» **How to complete this task**: All lines of the listing below are to be printed again exactly.

★ ★ ★ ★ ★

Definition two_regular_in e W :=
  forall x, x \in W -> #|[set y in W | e x y]| = 2.

(* X[W] is a disjoint union of cycles, all of length k: the connected
   component (in X[W]) of each vertex of W is the vertex set of a cycle c
   (a duplicate-free cyclic sequence of k >= 3 vertices) and the edges of X
   inside this component are exactly the edges of the cycle c. *)
Definition union_of_cycles_of_length e W (k : nat) :=
  3 <= k /\
  forall x, x \in W -> exists c : seq 'I_n,
    [/\ uniq c, size c = k,
        (forall y, (y \in c) = connect (induced_rel e W) x y) &
        {in c &, forall y z, e y z = (z == next c y) || (y == next c z)}].

Definition union_of_equal_cycles e W :=
  exists k, union_of_cycles_of_length e W k.

Definition induced_iso e (A B : {set 'I_n}) :=
  exists f : 'I_n -> 'I_n,
    [/\ {in A &, injective f}, f @: A = B &
        {in A &, forall x y, e (f x) (f y) = e x y}].

Definition aut_block e (B : {set 'I_n}) :=
  forall s, is_aut e s -> s @: B = B \/ [disjoint s @: B & B].

Definition perfect_matching e (M : {set {set 'I_n}}) :=
  (forall m, m \in M -> exists x y, m = [set x; y] /\ e x y) /\
  (forall x : 'I_n, #|[set m in M | x \in m]| = 1).

Definition aut_fixes_edgeset e (M : {set {set 'I_n}}) :=
  forall s, is_aut e s -> [set s @: m | m : {set 'I_n} in M] = M.

Definition arc_of e (M : {set {set 'I_n}}) (x y : 'I_n) := e x y /\ [set x; y] \in M.

Definition aut_arc_transitive_on e (M : {set {set 'I_n}}) :=
  forall x y x' y', arc_of e M x y -> arc_of e M x' y' ->
    exists s, [/\ is_aut e s, s x = x' & s y = y'].

End Graphs.

From mathcomp Require Import all_boot all_fingroup all_algebra zify.
Import GRing.Theory Num.Theory.
Set Implicit Arguments. Unset Strict Implicit. Unset Printing Implicit Defensive.

(* A +-1 vector is a 1-eigenvector of a cubic graph exactly when every vertex has
   two neighbours on its own side and one on the other, i.e. when both sides induce
   2-regular subgraphs. Simplicity of the eigenvalue 1 therefore makes {V+, V-} the
   only such bipartition, so every automorphism fixes or swaps V+ and V-. Together
   with vertex transitivity this gives the blocks, the isomorphism X[V+] ~ X[V-] and
   the equal cycle lengths; the cross edges form a perfect matching because every
   vertex has exactly one neighbour on the other side. *)

Lemma exists_maximal_path (T : finType) (r : rel T) (x : T) :
  exists p, [/\ uniq (x :: p), path r x p & forall t, r (last x p) t -> t \in x :: p].
Proof.
suff maxp k p : #|T| - size p <= k -> uniq (x :: p) -> path r x p ->
    exists p', [/\ uniq (x :: p'), path r x p' & forall t, r (last x p') t -> t \in x :: p'].
  exact: (maxp #|T| [::] (leq_subr _ _)).
have size_lt_card q : uniq (x :: q) -> size q < #|T|.
  by move/card_uniqP => /= <-; apply: max_card.
elim: k p => [|k IHk] p Hk Up Pp; first by have := size_lt_card _ Up; lia.
case: (pickP [pred t | r (last x p) t & t \notin x :: p]) => [t /andP[rt tp] | maxp].
  have Upt : uniq (x :: rcons p t) by rewrite -rcons_cons rcons_uniq tp.
  apply: (IHk (rcons p t)) => //; last by rewrite rcons_path Pp.
  by have := size_lt_card _ Upt; rewrite size_rcons in Hk *; lia.
by exists p; split=> // t rt; apply: contraFT (maxp t) => tp; rewrite /= rt.
Qed.

Lemma next_neq_prev (T : eqType) (c : seq T) y :
  uniq c -> 2 < size c -> y \in c -> next c y != prev c y.
Proof.
move=> Uc c_gt2 yc; apply/eqP => nextE.
have [i s rotE] := rot_to yc.
have := next_prev Uc y; rewrite -nextE -!(next_rot i Uc) rotE.
have : uniq (rot i c) by rewrite rot_uniq.
have := size_rot i c; rewrite rotE.
case: s {rotE} => [|b [|d s]] /= sizeE; rewrite -?sizeE // in c_gt2.
rewrite !inE eqxx => /and3P[/norP[yb /norP[yd _]] _ _].
by rewrite eq_sym (negbTE yb) eqxx => /eqP; rewrite eq_sym (negbTE yd).
Qed.

Section TwoRegularComponents.
Variables (n : nat) (e : rel 'I_n) (W : {set 'I_n}).
Hypotheses (e_sym : symmetric e) (e_irr : irreflexive e) (W2 : two_regular_in e W).
Local Notation r := (induced_rel e W).

Lemma induced_rel_sym : symmetric r.
Proof. by move=> x y; rewrite /induced_rel e_sym andbCA. Qed.

Lemma exists_induced_nbr_neq y a : y \in W -> exists2 b, r y b & b != a.
Proof.
move=> yW; have : 0 < #|[set t in W | e y t] :\ a|.
  by rewrite -(ltn_add2l (a \in [set t in W | e y t])) -cardsD1 W2 // addn0; case: (_ \in _).
case/card_gt0P=> b; rewrite !inE => /and3P[ba bW eyb].
by exists b; rewrite /induced_rel ?yW ?bW.
Qed.

Lemma two_regular_nbrs y a b c : a != b -> r y a -> r y b -> r y c -> (c == a) || (c == b).
Proof.
move=> ab /and3P[yW aW eya] /and3P[_ bW eyb] /and3P[_ cW eyc].
have : [set t in W | e y t] = [set a; b].
  by apply/eqP; rewrite eq_sym eqEcard subUset !sub1set !inE aW eya bW eyb cards2 ab W2.
by move/setP/(_ c); rewrite !inE cW eyc.
Qed.

Lemma two_regular_cycle x : x \in W ->
  exists p, [/\ uniq (x :: p), 2 < size (x :: p) & path.cycle r (x :: p)].
Proof.
move=> xW; have [p [Up Pp maxp]] := exists_maximal_path r x.
case/lastP: p Up Pp maxp => [|q v] Up Pp maxp.
  by have [t /maxp] := exists_induced_nbr_neq x xW; rewrite inE => ->.
rewrite last_rcons in maxp; move: Pp; rewrite rcons_path => /andP[Pq uv].
have vW : v \in W by case/and3P: uv.
have [w vw wu] := exists_induced_nbr_neq (last x q) vW.
(* An interior vertex of the path already has its two neighbours on the path. *)
have wx : w = x.
  apply: contraTeq (maxp w vw) => wx; rewrite inE (negbTE wx) mem_rcons inE.
  have wv : w != v by apply: contraTneq vw => ->; rewrite /induced_rel e_irr !andbF.
  rewrite (negbTE wv) /=; apply/negP => wq.
  case/splitPr: wq Up Pq wu => q1 q2 Up Pq wu.
  case: q2 Up Pq wu => [|b q2] Up Pq; first by rewrite last_cat eqxx.
  move=> _; move: Pq; rewrite cat_path /= => /and3P[_ aw /andP[wb _]].
  have ax : last x q1 \in x :: q1 by apply: mem_last.
  move: Up; rewrite rcons_cat -cat_cons cat_uniq => /and3P[_ /hasPn disj].
  rewrite /= mem_rcons !inE => /and3P[_ /norP[bv _] _].
  have [ab av] : last x q1 != b /\ last x q1 != v.
    split; apply: contraTneq ax => ->; apply: disj.
      by rewrite !inE eqxx orbT.
    by rewrite !inE mem_rcons inE eqxx !orbT.
  rewrite induced_rel_sym in aw; rewrite induced_rel_sym in vw.
  by have := two_regular_nbrs ab aw wb vw; rewrite eq_sym (negbTE av) eq_sym (negbTE bv).
exists (rcons q v); split => //.
  by rewrite /= size_rcons; case: q wu {Pq maxp Up uv} => //=; rewrite wx eqxx.
by rewrite /path.cycle !rcons_path Pq uv last_rcons -wx.
Qed.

★ ★ ★ ★ ★

» **Response below**:
Definition two_regular_in e W :=
  forall x, x \in W -> #|[set y in W | e x y]| = 2.

(* X[W] is a disjoint union of cycles, all of length k: the connected
   component (in X[W]) of each vertex of W is the vertex set of a cycle c
   (a duplicate-free cyclic sequence of k >= 3 vertices) and the edges of X
   inside this component are exactly the edges of the cycle c. *)
Definition union_of_cycles_of_length e W (k : nat) :=
  3 <= k /\
  forall x, x \in W -> exists c : seq 'I_n,
    [/\ uniq c, size c = k,
        (forall y, (y \in c) = connect (induced_rel e W) x y) &
        {in c &, forall y z, e y z = (z == next c y) || (y == next c z)}].

Definition union_of_equal_cycles e W :=
  exists k, union_of_cycles_of_length e W k.

Definition induced_iso e (A B : {set 'I_n}) :=
  exists f : 'I_n -> 'I_n,
    [/\ {in A &, injective f}, f @: A = B &
        {in A &, forall x y, e (f x) (f y) = e x y}].

Definition aut_block e (B : {set 'I_n}) :=
  forall s, is_aut e s -> s @: B = B \/ [disjoint s @: B & B].

Definition perfect_matching e (M : {set {set 'I_n}}) :=
  (forall m, m \in M -> exists x y, m = [set x; y] /\ e x y) /\
  (forall x : 'I_n, #|[set m in M | x \in m]| = 1).

Definition aut_fixes_edgeset e (M : {set {set 'I_n}}) :=
  forall s, is_aut e s -> [set s @: m | m : {set 'I_n} in M] = M.

Definition arc_of e (M : {set {set 'I_n}}) (x y : 'I_n) := e x y /\ [set x; y] \in M.

Definition aut_arc_transitive_on e (M : {set {set 'I_n}}) :=
  forall x y x' y', arc_of e M x y -> arc_of e M x' y' ->
    exists s, [/\ is_aut e s, s x = x' & s y = y'].

End Graphs.

From mathcomp Require Import all_boot all_fingroup all_algebra zify.
Import GRing.Theory Num.Theory.
Set Implicit Arguments. Unset Strict Implicit. Unset Printing Implicit Defensive.

(* A +-1 vector is a 1-eigenvector of a cubic graph exactly when every vertex has
   two neighbours on its own side and one on the other, i.e. when both sides induce
   2-regular subgraphs. Simplicity of the eigenvalue 1 therefore makes {V+, V-} the
   only such bipartition, so every automorphism fixes or swaps V+ and V-. Together
   with vertex transitivity this gives the blocks, the isomorphism X[V+] ~ X[V-] and
   the equal cycle lengths; the cross edges form a perfect matching because every
   vertex has exactly one neighbour on the other side. *)

Lemma exists_maximal_path (T : finType) (r : rel T) (x : T) :
  exists p, [/\ uniq (x :: p), path r x p & forall t, r (last x p) t -> t \in x :: p].
Proof.
suff maxp k p : #|T| - size p <= k -> uniq (x :: p) -> path r x p ->
    exists p', [/\ uniq (x :: p'), path r x p' & forall t, r (last x p') t -> t \in x :: p'].
  exact: (maxp #|T| [::] (leq_subr _ _)).
have size_lt_card q : uniq (x :: q) -> size q < #|T|.
  by move/card_uniqP => /= <-; apply: max_card.
elim: k p => [|k IHk] p Hk Up Pp; first by have := size_lt_card _ Up; lia.
case: (pickP [pred t | r (last x p) t & t \notin x :: p]) => [t /andP[rt tp] | maxp].
  have Upt : uniq (x :: rcons p t) by rewrite -rcons_cons rcons_uniq tp.
  apply: (IHk (rcons p t)) => //; last by rewrite rcons_path Pp.
  by have := size_lt_card _ Upt; rewrite size_rcons in Hk *; lia.
by exists p; split=> // t rt; apply: contraFT (maxp t) => tp; rewrite /= rt.
Qed.

Lemma next_neq_prev (T : eqType) (c : seq T) y :
  uniq c -> 2 < size c -> y \in c -> next c y != prev c y.
Proof.
move=> Uc c_gt2 yc; apply/eqP => nextE.
have [i s rotE] := rot_to yc.
have := next_prev Uc y; rewrite -nextE -!(next_rot i Uc) rotE.
have : uniq (rot i c) by rewrite rot_uniq.
have := size_rot i c; rewrite rotE.
case: s {rotE} => [|b [|d s]] /= sizeE; rewrite -?sizeE // in c_gt2.
rewrite !inE eqxx => /and3P[/norP[yb /norP[yd _]] _ _].
by rewrite eq_sym (negbTE yb) eqxx => /eqP; rewrite eq_sym (negbTE yd).
Qed.

Section TwoRegularComponents.
Variables (n : nat) (e : rel 'I_n) (W : {set 'I_n}).
Hypotheses (e_sym : symmetric e) (e_irr : irreflexive e) (W2 : two_regular_in e W).
Local Notation r := (induced_rel e W).

Lemma induced_rel_sym : symmetric r.
Proof. by move=> x y; rewrite /induced_rel e_sym andbCA. Qed.

Lemma exists_induced_nbr_neq y a : y \in W -> exists2 b, r y b & b != a.
Proof.
move=> yW; have : 0 < #|[set t in W | e y t] :\ a|.
  by rewrite -(ltn_add2l (a \in [set t in W | e y t])) -cardsD1 W2 // addn0; case: (_ \in _).
case/card_gt0P=> b; rewrite !inE => /and3P[ba bW eyb].
by exists b; rewrite /induced_rel ?yW ?bW.
Qed.

Lemma two_regular_nbrs y a b c : a != b -> r y a -> r y b -> r y c -> (c == a) || (c == b).
Proof.
move=> ab /and3P[yW aW eya] /and3P[_ bW eyb] /and3P[_ cW eyc].
have : [set t in W | e y t] = [set a; b].
  by apply/eqP; rewrite eq_sym eqEcard subUset !sub1set !inE aW eya bW eyb cards2 ab W2.
by move/setP/(_ c); rewrite !inE cW eyc.
Qed.

Lemma two_regular_cycle x : x \in W ->
  exists p, [/\ uniq (x :: p), 2 < size (x :: p) & path.cycle r (x :: p)].
Proof.
move=> xW; have [p [Up Pp maxp]] := exists_maximal_path r x.
case/lastP: p Up Pp maxp => [|q v] Up Pp maxp.
  by have [t /maxp] := exists_induced_nbr_neq x xW; rewrite inE => ->.
rewrite last_rcons in maxp; move: Pp; rewrite rcons_path => /andP[Pq uv].
have vW : v \in W by case/and3P: uv.
have [w vw wu] := exists_induced_nbr_neq (last x q) vW.
(* An interior vertex of the path already has its two neighbours on the path. *)
have wx : w = x.
  apply: contraTeq (maxp w vw) => wx; rewrite inE (negbTE wx) mem_rcons inE.
  have wv : w != v by apply: contraTneq vw => ->; rewrite /induced_rel e_irr !andbF.
  rewrite (negbTE wv) /=; apply/negP => wq.
  case/splitPr: wq Up Pq wu => q1 q2 Up Pq wu.
  case: q2 Up Pq wu => [|b q2] Up Pq; first by rewrite last_cat eqxx.
  move=> _; move: Pq; rewrite cat_path /= => /and3P[_ aw /andP[wb _]].
  have ax : last x q1 \in x :: q1 by apply: mem_last.
  move: Up; rewrite rcons_cat -cat_cons cat_uniq => /and3P[_ /hasPn disj].
  rewrite /= mem_rcons !inE => /and3P[_ /norP[bv _] _].
  have [ab av] : last x q1 != b /\ last x q1 != v.
    split; apply: contraTneq ax => ->; apply: disj.
      by rewrite !inE eqxx orbT.
    by rewrite !inE mem_rcons inE eqxx !orbT.
  rewrite induced_rel_sym in aw; rewrite induced_rel_sym in vw.
  by have := two_regular_nbrs ab aw wb vw; rewrite eq_sym (negbTE av) eq_sym (negbTE bv).
exists (rcons q v); split => //.
  by rewrite /= size_rcons; case: q wu {Pq maxp Up uv} => //=; rewrite wx eqxx.
by rewrite /path.cycle !rcons_path Pq uv last_rcons -wx.
Qed.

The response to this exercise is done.